How many of the lines below include "Record"? Give the number and no other words.

### Data provided
__________
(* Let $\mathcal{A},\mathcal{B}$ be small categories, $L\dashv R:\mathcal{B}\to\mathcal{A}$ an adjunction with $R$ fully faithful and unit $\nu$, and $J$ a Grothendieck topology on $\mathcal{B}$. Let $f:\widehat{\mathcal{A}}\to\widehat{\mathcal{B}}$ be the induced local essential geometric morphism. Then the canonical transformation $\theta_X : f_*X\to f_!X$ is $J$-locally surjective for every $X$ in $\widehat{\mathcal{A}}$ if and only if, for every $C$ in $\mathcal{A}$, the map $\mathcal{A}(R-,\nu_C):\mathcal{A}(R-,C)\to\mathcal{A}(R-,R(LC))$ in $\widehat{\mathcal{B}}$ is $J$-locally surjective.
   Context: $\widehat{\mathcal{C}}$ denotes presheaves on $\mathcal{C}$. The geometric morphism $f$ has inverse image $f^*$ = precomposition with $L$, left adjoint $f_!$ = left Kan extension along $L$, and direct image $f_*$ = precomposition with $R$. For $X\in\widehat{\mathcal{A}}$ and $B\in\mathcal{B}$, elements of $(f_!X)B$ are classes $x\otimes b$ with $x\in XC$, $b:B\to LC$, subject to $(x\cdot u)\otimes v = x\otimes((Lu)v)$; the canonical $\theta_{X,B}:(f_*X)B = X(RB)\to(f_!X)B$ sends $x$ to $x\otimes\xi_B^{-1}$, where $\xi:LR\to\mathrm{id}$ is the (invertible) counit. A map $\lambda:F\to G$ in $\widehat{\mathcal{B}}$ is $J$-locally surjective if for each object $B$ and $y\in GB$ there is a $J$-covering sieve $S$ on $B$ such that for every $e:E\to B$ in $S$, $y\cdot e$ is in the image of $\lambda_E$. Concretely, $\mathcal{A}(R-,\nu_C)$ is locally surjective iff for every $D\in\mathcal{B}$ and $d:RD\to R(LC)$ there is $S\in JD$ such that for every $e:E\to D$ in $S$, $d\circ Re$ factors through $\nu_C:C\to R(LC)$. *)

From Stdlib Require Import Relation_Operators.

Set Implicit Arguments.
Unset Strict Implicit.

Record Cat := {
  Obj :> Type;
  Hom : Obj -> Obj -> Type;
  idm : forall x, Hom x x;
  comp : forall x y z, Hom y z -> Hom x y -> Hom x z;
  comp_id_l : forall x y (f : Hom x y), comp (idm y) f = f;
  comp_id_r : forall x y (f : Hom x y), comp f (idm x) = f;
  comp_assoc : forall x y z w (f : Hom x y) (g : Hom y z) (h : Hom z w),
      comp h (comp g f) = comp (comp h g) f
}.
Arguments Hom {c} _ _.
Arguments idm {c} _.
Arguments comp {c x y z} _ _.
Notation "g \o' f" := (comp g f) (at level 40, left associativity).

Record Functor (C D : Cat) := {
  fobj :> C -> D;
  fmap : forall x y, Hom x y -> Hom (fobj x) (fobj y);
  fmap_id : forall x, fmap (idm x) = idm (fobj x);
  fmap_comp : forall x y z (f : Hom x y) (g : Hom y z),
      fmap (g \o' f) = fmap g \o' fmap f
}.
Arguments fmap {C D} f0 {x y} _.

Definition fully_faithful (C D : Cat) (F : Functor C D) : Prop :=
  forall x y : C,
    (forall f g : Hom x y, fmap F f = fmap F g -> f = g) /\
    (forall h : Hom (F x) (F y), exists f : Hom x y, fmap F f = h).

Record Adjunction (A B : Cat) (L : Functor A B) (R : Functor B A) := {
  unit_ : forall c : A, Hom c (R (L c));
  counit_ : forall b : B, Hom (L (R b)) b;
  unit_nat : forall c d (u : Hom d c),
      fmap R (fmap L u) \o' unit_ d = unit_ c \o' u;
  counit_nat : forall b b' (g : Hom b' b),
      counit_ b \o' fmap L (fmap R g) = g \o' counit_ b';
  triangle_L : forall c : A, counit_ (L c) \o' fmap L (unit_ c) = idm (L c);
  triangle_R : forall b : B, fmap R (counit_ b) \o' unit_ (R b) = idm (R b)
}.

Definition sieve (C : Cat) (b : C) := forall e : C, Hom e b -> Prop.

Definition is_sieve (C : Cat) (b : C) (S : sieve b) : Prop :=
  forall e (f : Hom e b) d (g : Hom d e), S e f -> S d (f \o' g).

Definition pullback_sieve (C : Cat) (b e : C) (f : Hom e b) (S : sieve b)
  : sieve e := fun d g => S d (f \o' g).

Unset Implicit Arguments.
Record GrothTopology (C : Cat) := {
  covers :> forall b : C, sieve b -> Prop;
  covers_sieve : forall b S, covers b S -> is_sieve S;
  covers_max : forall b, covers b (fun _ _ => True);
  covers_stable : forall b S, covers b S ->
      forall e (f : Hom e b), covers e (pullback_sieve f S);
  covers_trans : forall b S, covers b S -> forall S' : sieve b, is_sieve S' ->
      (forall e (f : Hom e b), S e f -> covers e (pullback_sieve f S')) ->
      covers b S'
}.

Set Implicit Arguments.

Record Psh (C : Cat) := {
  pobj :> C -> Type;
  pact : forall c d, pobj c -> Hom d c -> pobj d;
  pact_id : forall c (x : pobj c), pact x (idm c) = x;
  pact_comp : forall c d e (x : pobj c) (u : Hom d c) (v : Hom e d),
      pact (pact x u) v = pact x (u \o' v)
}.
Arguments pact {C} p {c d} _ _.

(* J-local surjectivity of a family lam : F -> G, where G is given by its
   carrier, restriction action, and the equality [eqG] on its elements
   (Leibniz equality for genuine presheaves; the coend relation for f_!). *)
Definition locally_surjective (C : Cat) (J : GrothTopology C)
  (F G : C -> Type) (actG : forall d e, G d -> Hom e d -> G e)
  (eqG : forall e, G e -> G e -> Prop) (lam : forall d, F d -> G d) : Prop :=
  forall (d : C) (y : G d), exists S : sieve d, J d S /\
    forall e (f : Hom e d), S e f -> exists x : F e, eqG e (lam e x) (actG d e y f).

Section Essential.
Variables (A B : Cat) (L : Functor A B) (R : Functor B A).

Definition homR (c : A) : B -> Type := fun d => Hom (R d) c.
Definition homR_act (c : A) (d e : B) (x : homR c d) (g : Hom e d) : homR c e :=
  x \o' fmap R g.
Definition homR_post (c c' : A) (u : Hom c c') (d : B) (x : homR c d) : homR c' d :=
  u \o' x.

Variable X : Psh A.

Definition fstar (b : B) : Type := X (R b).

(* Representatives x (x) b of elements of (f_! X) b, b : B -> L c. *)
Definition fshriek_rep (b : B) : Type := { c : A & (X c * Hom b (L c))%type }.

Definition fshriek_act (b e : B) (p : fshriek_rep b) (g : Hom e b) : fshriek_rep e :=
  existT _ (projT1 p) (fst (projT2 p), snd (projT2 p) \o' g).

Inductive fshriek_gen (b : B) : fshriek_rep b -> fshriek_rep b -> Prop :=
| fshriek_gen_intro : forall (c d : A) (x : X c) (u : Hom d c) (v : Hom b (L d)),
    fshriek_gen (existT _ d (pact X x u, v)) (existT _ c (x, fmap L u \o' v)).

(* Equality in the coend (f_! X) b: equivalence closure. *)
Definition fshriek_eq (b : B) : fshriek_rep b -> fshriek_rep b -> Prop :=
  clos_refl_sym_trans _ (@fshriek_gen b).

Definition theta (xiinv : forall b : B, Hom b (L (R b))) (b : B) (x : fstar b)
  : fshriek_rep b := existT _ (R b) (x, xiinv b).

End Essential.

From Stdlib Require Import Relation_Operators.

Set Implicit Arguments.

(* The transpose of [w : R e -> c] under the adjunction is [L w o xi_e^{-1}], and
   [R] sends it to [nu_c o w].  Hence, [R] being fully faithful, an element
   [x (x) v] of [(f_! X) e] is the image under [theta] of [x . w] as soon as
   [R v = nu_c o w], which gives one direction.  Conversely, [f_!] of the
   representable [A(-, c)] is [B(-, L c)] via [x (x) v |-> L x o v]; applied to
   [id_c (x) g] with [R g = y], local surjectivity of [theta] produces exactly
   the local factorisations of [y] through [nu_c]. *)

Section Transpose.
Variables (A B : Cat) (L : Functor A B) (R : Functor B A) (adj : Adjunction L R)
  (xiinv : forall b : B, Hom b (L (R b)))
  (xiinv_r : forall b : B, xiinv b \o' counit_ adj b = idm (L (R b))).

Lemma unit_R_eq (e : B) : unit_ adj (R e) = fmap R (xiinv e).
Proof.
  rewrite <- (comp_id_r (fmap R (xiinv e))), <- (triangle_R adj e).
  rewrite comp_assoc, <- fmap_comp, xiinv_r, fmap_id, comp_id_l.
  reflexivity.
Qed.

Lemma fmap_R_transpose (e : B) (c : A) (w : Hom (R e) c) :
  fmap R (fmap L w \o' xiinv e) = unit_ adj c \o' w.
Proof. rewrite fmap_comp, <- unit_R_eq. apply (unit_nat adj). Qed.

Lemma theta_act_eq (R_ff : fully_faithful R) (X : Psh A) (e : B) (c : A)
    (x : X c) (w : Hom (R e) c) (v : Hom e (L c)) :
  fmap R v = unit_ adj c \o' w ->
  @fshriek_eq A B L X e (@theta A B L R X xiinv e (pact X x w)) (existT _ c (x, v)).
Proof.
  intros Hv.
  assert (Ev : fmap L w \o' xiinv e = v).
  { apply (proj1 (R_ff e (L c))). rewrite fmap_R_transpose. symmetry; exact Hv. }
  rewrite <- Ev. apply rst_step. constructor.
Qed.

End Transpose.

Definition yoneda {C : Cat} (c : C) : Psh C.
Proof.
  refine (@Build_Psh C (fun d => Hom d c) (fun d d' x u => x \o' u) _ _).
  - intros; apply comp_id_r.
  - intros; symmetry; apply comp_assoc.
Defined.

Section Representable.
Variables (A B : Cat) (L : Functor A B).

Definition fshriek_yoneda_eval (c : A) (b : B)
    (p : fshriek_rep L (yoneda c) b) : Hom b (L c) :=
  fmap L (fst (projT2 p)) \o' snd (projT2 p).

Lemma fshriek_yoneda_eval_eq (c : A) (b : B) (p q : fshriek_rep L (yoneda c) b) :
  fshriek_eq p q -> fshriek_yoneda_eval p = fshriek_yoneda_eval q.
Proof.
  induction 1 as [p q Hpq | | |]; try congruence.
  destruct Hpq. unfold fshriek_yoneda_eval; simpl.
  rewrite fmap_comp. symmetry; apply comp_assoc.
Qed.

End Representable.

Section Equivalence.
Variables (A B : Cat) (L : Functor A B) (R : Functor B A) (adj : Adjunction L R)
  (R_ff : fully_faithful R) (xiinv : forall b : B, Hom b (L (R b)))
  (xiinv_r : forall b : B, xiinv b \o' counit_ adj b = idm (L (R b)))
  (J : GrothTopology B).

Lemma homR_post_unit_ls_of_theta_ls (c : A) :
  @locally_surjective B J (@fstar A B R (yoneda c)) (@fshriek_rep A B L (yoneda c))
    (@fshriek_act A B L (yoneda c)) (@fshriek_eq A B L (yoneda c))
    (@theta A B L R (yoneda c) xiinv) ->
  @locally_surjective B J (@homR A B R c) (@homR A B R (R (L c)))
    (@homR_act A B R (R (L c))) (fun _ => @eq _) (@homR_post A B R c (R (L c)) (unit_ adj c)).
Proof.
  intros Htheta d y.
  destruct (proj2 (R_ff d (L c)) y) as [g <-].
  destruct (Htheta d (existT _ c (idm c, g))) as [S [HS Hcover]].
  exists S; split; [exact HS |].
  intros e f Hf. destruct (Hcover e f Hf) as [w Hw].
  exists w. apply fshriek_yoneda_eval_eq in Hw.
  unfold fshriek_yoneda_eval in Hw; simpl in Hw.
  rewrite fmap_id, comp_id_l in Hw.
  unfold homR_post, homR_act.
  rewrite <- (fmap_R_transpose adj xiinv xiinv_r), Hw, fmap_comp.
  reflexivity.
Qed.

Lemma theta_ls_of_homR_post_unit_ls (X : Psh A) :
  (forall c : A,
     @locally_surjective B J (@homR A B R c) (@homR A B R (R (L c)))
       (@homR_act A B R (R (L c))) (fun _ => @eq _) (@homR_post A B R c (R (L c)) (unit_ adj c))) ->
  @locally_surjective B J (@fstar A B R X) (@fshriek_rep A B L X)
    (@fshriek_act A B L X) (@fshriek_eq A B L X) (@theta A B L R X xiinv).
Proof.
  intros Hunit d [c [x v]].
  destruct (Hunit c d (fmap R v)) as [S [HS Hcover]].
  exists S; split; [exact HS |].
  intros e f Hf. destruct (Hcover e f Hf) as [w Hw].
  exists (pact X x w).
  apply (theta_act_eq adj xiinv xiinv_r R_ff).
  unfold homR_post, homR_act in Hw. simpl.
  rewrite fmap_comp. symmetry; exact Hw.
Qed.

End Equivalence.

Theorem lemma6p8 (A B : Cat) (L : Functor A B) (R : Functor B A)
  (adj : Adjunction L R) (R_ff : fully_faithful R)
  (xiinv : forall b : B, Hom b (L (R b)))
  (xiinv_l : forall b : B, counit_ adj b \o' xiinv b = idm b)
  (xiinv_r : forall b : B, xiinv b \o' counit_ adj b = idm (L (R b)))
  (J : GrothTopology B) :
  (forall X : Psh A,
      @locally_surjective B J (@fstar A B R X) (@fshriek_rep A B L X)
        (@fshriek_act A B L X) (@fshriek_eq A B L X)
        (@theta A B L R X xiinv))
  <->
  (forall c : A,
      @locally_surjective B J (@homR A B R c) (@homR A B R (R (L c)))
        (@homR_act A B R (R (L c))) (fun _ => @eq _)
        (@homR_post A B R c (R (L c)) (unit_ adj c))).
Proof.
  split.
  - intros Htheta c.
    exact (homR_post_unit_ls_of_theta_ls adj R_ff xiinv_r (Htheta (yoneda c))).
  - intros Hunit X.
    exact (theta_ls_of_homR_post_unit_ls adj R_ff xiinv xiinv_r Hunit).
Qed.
__________
### Answer space
5